Lemma ipg_eq0 X : ipg M X X = 0 -> X = 0.
Proof. by case: (eqVneq X 0) => // /HM.2; rewrite lt0r => /andP[/eqP]. Qed.

Lemma ipgC X Z : ipg M X Z = ipg M Z X.
Proof.
have trE (A : 'M[R]_1) : A 0 0 = A^T 0 0 by rewrite mxE.
by rewrite /ipg [LHS]trE !trmx_mul trmxK HM.1 mulmxA.
Qed.

Lemma unitmx_inner_product : M \in unitmx.
Proof.
rewrite unitmxE unitfE; apply/negP => /det0P [X /negP X_neq0 XM0].
by apply/X_neq0/eqP/ipg_eq0; rewrite /ipg XM0 mul0mx mxE.
Qed.

Lemma pair_mulmx p X : pair (p *m M) X = ipg M p X.
Proof. by rewrite pairE. Qed.

Lemma sharpK p : sharp M p *m M = p.
Proof. by rewrite /sharp -mulmxA mulVmx ?unitmx_inner_product // mulmx1. Qed.

Lemma zdual_center_mulmx Z : Defs.center br Z -> zdual br M (Z *m M).
Proof. by move=> cZ X vX; rewrite pair_mulmx ipgC vX. Qed.

Lemma zdual_vdual_eq0 q : zdual br M q -> vdual br q -> q = 0.
Proof.
move=> zq vq; rewrite -(sharpK q).
suff -> : sharp M q = 0 by rewrite mul0mx.
apply: ipg_eq0; rewrite -pair_mulmx sharpK zq // => Z cZ.
by rewrite -pair_mulmx sharpK vq.
Qed.

Lemma center_gram_full :
  ((center_mx br)^T <= center_mx br *m M *m (center_mx br)^T)%MS.
Proof.
set C := center_mx br.
have ker0 : (C :&: kermx (M *m C^T))%MS = 0.
  apply/row_matrixP => i; rewrite row0.
  have /[!sub_capmx] /andP [/submxP [D ->]] := row_sub i (C :&: kermx (M *m C^T))%MS.
  rewrite sub_kermx => /eqP DCMC0; apply: ipg_eq0.
  by rewrite /ipg trmx_mul mulmxA -(mulmxA (D *m C)) DCMC0 mul0mx mxE.
have gram_sub : (C *m M *m C^T <= C^T)%MS by apply: submxMl.
have rank_gram : \rank (C *m M *m C^T) = \rank C^T.
  by rewrite -mulmxA mxrank_tr -(mxrank_mul_ker C (M *m C^T)) ker0 mxrank0 addn0.
have [_] := mxrank_leqif_eq gram_sub.
by rewrite rank_gram eqxx => /esym /andP [].
Qed.

Lemma zdual_vdual_decomposition p :
  exists2 Z, Defs.center br Z & vdual br (p - Z *m M).
Proof.
set C := center_mx br.
have /submxP [D pC] : (p *m C^T <= C *m M *m C^T)%MS.
  exact: submx_trans (submxMl _ _) center_gram_full.
exists (D *m C); first by apply/(centerP br2); apply: submxMl.
move=> Z /(centerP br2) /submxP [E ->].
by rewrite pairE trmx_mul mulmxA mulmxBl pC !mulmxA subrr mul0mx mxE.
Qed.

Lemma zdual_sharp_center w : zdual br M w -> Defs.center br (sharp M w).
Proof.
move=> zw; have [Z cZ vwZ] := zdual_vdual_decomposition w.
suff -> : w = Z *m M by rewrite /sharp -mulmxA mulmxV ?unitmx_inner_product // mulmx1.
apply/eqP; rewrite -subr_eq0; apply/eqP/zdual_vdual_eq0 => // X vX.
by rewrite pairBl zw // zdual_center_mulmx // subrr.
Qed.

End InnerProduct.

Section Derivatives.
Context {R : realType} {V : normedModType R}.

Lemma is_derive_mx_entry {m n} {a : V -> 'M[R]_(m, n)} {x v da} i j :
  is_derive x v a da -> is_derive x v (fun y => a y i j) (da i j).
Proof.
move=> [a_der <-]; have entry_der := (derivable_mxP a x v).1 a_der i j.
by apply: DeriveDef => //; rewrite (derive_mx a_der) mxE.
Qed.

Lemma is_derive_mx {m n} {a : V -> 'M[R]_(m, n)} {x v} {da : 'M[R]_(m, n)} :
  (forall i j, is_derive x v (fun y => a y i j) (da i j)) -> is_derive x v a da.
Proof.
move=> a_der; have a_derivable : derivable a x v.
  by apply/derivable_mxP => i j; case: (a_der i j).
apply: DeriveDef => //; rewrite (derive_mx a_derivable).
by apply/matrixP => i j; rewrite mxE derive_val.
Qed.

Lemma is_derive_pair {n} {a b : V -> 'rV[R]_n} {x v da db} :
  is_derive x v a da -> is_derive x v b db ->
  is_derive x v (fun y => pair (a y) (b y)) (pair da (b x) + pair (a x) db).
Proof.
move=> a_der b_der.
have -> : (fun y => pair (a y) (b y)) = \sum_k (fun y => a y 0 k * b y 0 k).
  by apply/funext => y; rewrite fct_sumE.
rewrite /pair -big_split /=; apply: is_derive_sum => k.
apply: is_derive_eq
  (is_deriveM (is_derive_mx_entry 0 k a_der) (is_derive_mx_entry 0 k b_der)) _.
by rewrite addrC; congr (_ + _); apply: mulrC.
Qed.

Lemma is_derive_mulmxr {m n} {a : V -> 'M[R]_(m, n)} (S : 'M[R]_n) {x v da} :
  is_derive x v a da -> is_derive x v (fun y => a y *m S) (da *m S).
Proof.
move=> a_der; apply: is_derive_mx => i j; rewrite mxE.
have -> : (fun y => (a y *m S) i j) = \sum_l (fun y => a y i l * S l j).
  by apply/funext => y; rewrite fct_sumE mxE.
apply: is_derive_sum => l.
apply: is_derive_eq
  (is_deriveM (is_derive_mx_entry i l a_der) (is_derive_cst (S l j) x v)) _.
by rewrite /GRing.scale /= mulr0 add0r mulrC.
Qed.

End Derivatives.

Lemma dfun_half_sqnorm (R : realType) n (M : 'M[R]_n) (c q : 'rV[R]_n) :
  M^T = M -> dfun (fun q => 2^-1 * sqnorm M (q + c)) q = sharp M (q + c).
Proof.
move=> M_sym; apply/rowP => i; rewrite mxE.
have shift_der : is_derive q (ebase R i) (fun q => q + c) (ebase R i).
  by apply: is_derive_eq; rewrite addr0.
have sharp_der := is_derive_mulmxr (invmx M) shift_der.
have h_der := is_deriveZ (2^-1 : R) (is_derive_pair shift_der sharp_der).
rewrite /sqnorm /ipd /sharp derive_val.
rewrite [pair (q + c) _]pair_mulmx_sym ?trmx_inv ?M_sym // !pair_ebasel.
set y := _ 0 i; change (2^-1 * (y + y) = y).
by rewrite mulrDr mulrC -splitr.
Qed.

Lemma is_derive_0_itv_cst {R : realType} {I : set R} {f : R -> R} :
  is_interval I -> (forall t, I t -> is_derive t 1 f 0) ->
  forall s t, I s -> I t -> f s = f t.
Proof.
move=> I_itv f_der s t; wlog st : s t / s <= t.
  by move=> wlog_st Is It; case: (leP s t) => [|/ltW] st; [|symmetry]; apply: wlog_st.
move=> Is It; have inI x : x \in `[s, t]%R -> I x.
  by rewrite in_itv /= => /andP [sx xt]; apply: (I_itv s t) => //; rewrite sx xt.
have f_derivable x : x \in `[s, t]%R -> derivable f x 1 by move=> /inI /f_der [].
have [c _] := MVT_segment st (fun x x_in => f_der x (inI x (subset_itv_oo_cc x_in)))
  (derivable_within_continuous f_derivable).
by rewrite mul0r => /eqP; rewrite subr_eq0 => /eqP.
Qed.

Lemma zdual_component_cst {R : realType} {n} {br : 'rV[R]_n -> 'rV[R]_n -> 'rV[R]_n}
    {M : 'M[R]_n} {I : set R} {p : R -> 'rV[R]_n} :
  two_step_nilpotent br -> inner_product_matrix M -> is_interval I ->
  (forall t, I t -> derivable p t 1 /\ vdual br ('D_1 p t)) ->
  exists2 z0, zdual br M z0 & forall t, I t -> vdual br (p t - z0).
Proof.
move=> br2 HM I_itv p_der.
have [[t0 It0] | I0] := pselect (exists t, I t); last first.
  by exists 0 => [X _ | t It]; [rewrite pair0l | case: I0; exists t].
have [Z cZ vZ] := zdual_vdual_decomposition br2 HM (p t0).
exists (Z *m M) => [|t It]; first exact: zdual_center_mulmx.
rewrite -(subrK (p t0) (p t)) -addrA; apply: vdualD => // W cW.
rewrite pairBl; apply/eqP; rewrite subr_eq0; apply/eqP.
apply: (is_derive_0_itv_cst (f := fun s => pair (p s) W) I_itv) => // s Is.
have [p_derivable p'_vdual] := p_der s Is.
apply: is_derive_eq
  (is_derive_pair (derivableP p_derivable) (is_derive_cst W s 1)) _.
by rewrite pair0r addr0 p'_vdual.
Qed.

Theorem lemma2p5 (R : realType) (n : nat)
  (br : 'rV[R]_n -> 'rV[R]_n -> 'rV[R]_n) (M : 'M[R]_n)
  (B : R) (zm : 'rV[R]_n)
  (I : set R) (p : R -> 'rV[R]_n) :
  two_step_nilpotent br ->
  inner_product_matrix M ->
  zdual br M zm ->
  open I -> is_interval I ->
  (forall t, I t -> derivable p t 1 /\
     derive p t 1 = euler br (fun q => 2^-1 * sqnorm M (q + B *: zm)) (p t)) ->
  exists (z0 : 'rV[R]_n) (A : 'M[R]_n),
    [/\ zdual br M z0,
        (forall q, vdual br q -> vdual br (q *m A)),
        (forall q1 q2, vdual br q1 -> vdual br q2 ->
           ipd M (q1 *m A) q2 = - ipd M q1 (q2 *m A)) &
        (forall t, I t ->
           vdual br (p t - z0) /\
           derivable (fun s => p s - z0) t 1 /\
           derive (fun s => p s - z0) t 1 = (p t - z0) *m A)].
Proof.
move=> br2 HM zm_zdual _ I_itv p_sol.
have p'E t : I t -> 'D_1 p t = - coad br (sharp M (p t + B *: zm)) (p t).
  by case/p_sol => _ ->; rewrite /euler dfun_half_sqnorm //; case: HM.
have p'_vdual t : I t -> derivable p t 1 /\ vdual br ('D_1 p t).
  by move=> It; split; [case: (p_sol t It) | rewrite p'E //; apply/vdualN/vdual_coad].
have [z0 z0_zdual pz0_vdual] := zdual_component_cst br2 HM I_itv p'_vdual.
have w_center : Defs.center br (sharp M (z0 + B *: zm)).
  apply: zdual_sharp_center => // X vX.
  by rewrite pairDl pairZl z0_zdual // zm_zdual // mulr0 addr0.
have [A AE] : exists A, forall q, - coad br (sharp M q) z0 = q *m A.
  apply: linear_rV_mulmx => a q1 q2.
  by rewrite /sharp mulmxDl -scalemxAl coad_linearl // opprD scalerN.
exists z0, A; split => // [q _ | q1 q2 _ _ | t It].
- by rewrite -AE; apply/vdualN/vdual_coad.
- by rewrite -!AE ipd_coad_skew //; case: HM.
have pz0_der := is_deriveB (derivableP (p_sol t It).1) (is_derive_cst z0 t 1).
split; [exact: pz0_vdual | split; first exact: ex_derive].
rewrite derive_val subr0 p'E // -AE -{1 2}(subrK z0 (p t)) -addrA.
by rewrite /sharp mulmxDl (coad_center_vdual br2 w_center (pz0_vdual t It)).
Qed.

#### [TASK OBJECTIVE]
From the material above, set down exactly the lines starting at the one with "is_derive x v (fun y => pair" and ending at the one with "rewrite /sqnorm /ipd /sharp derive_val.", end lines included.

#### [TASK SOLUTION]
  is_derive x v (fun y => pair (a y) (b y)) (pair da (b x) + pair (a x) db).
Proof.
move=> a_der b_der.
have -> : (fun y => pair (a y) (b y)) = \sum_k (fun y => a y 0 k * b y 0 k).
  by apply/funext => y; rewrite fct_sumE.
rewrite /pair -big_split /=; apply: is_derive_sum => k.
apply: is_derive_eq
  (is_deriveM (is_derive_mx_entry 0 k a_der) (is_derive_mx_entry 0 k b_der)) _.
by rewrite addrC; congr (_ + _); apply: mulrC.
Qed.

Lemma is_derive_mulmxr {m n} {a : V -> 'M[R]_(m, n)} (S : 'M[R]_n) {x v da} :
  is_derive x v a da -> is_derive x v (fun y => a y *m S) (da *m S).
Proof.
move=> a_der; apply: is_derive_mx => i j; rewrite mxE.
have -> : (fun y => (a y *m S) i j) = \sum_l (fun y => a y i l * S l j).
  by apply/funext => y; rewrite fct_sumE mxE.
apply: is_derive_sum => l.
apply: is_derive_eq
  (is_deriveM (is_derive_mx_entry i l a_der) (is_derive_cst (S l j) x v)) _.
by rewrite /GRing.scale /= mulr0 add0r mulrC.
Qed.

End Derivatives.

Lemma dfun_half_sqnorm (R : realType) n (M : 'M[R]_n) (c q : 'rV[R]_n) :
  M^T = M -> dfun (fun q => 2^-1 * sqnorm M (q + c)) q = sharp M (q + c).
Proof.
move=> M_sym; apply/rowP => i; rewrite mxE.
have shift_der : is_derive q (ebase R i) (fun q => q + c) (ebase R i).
  by apply: is_derive_eq; rewrite addr0.
have sharp_der := is_derive_mulmxr (invmx M) shift_der.
have h_der := is_deriveZ (2^-1 : R) (is_derive_pair shift_der sharp_der).
rewrite /sqnorm /ipd /sharp derive_val.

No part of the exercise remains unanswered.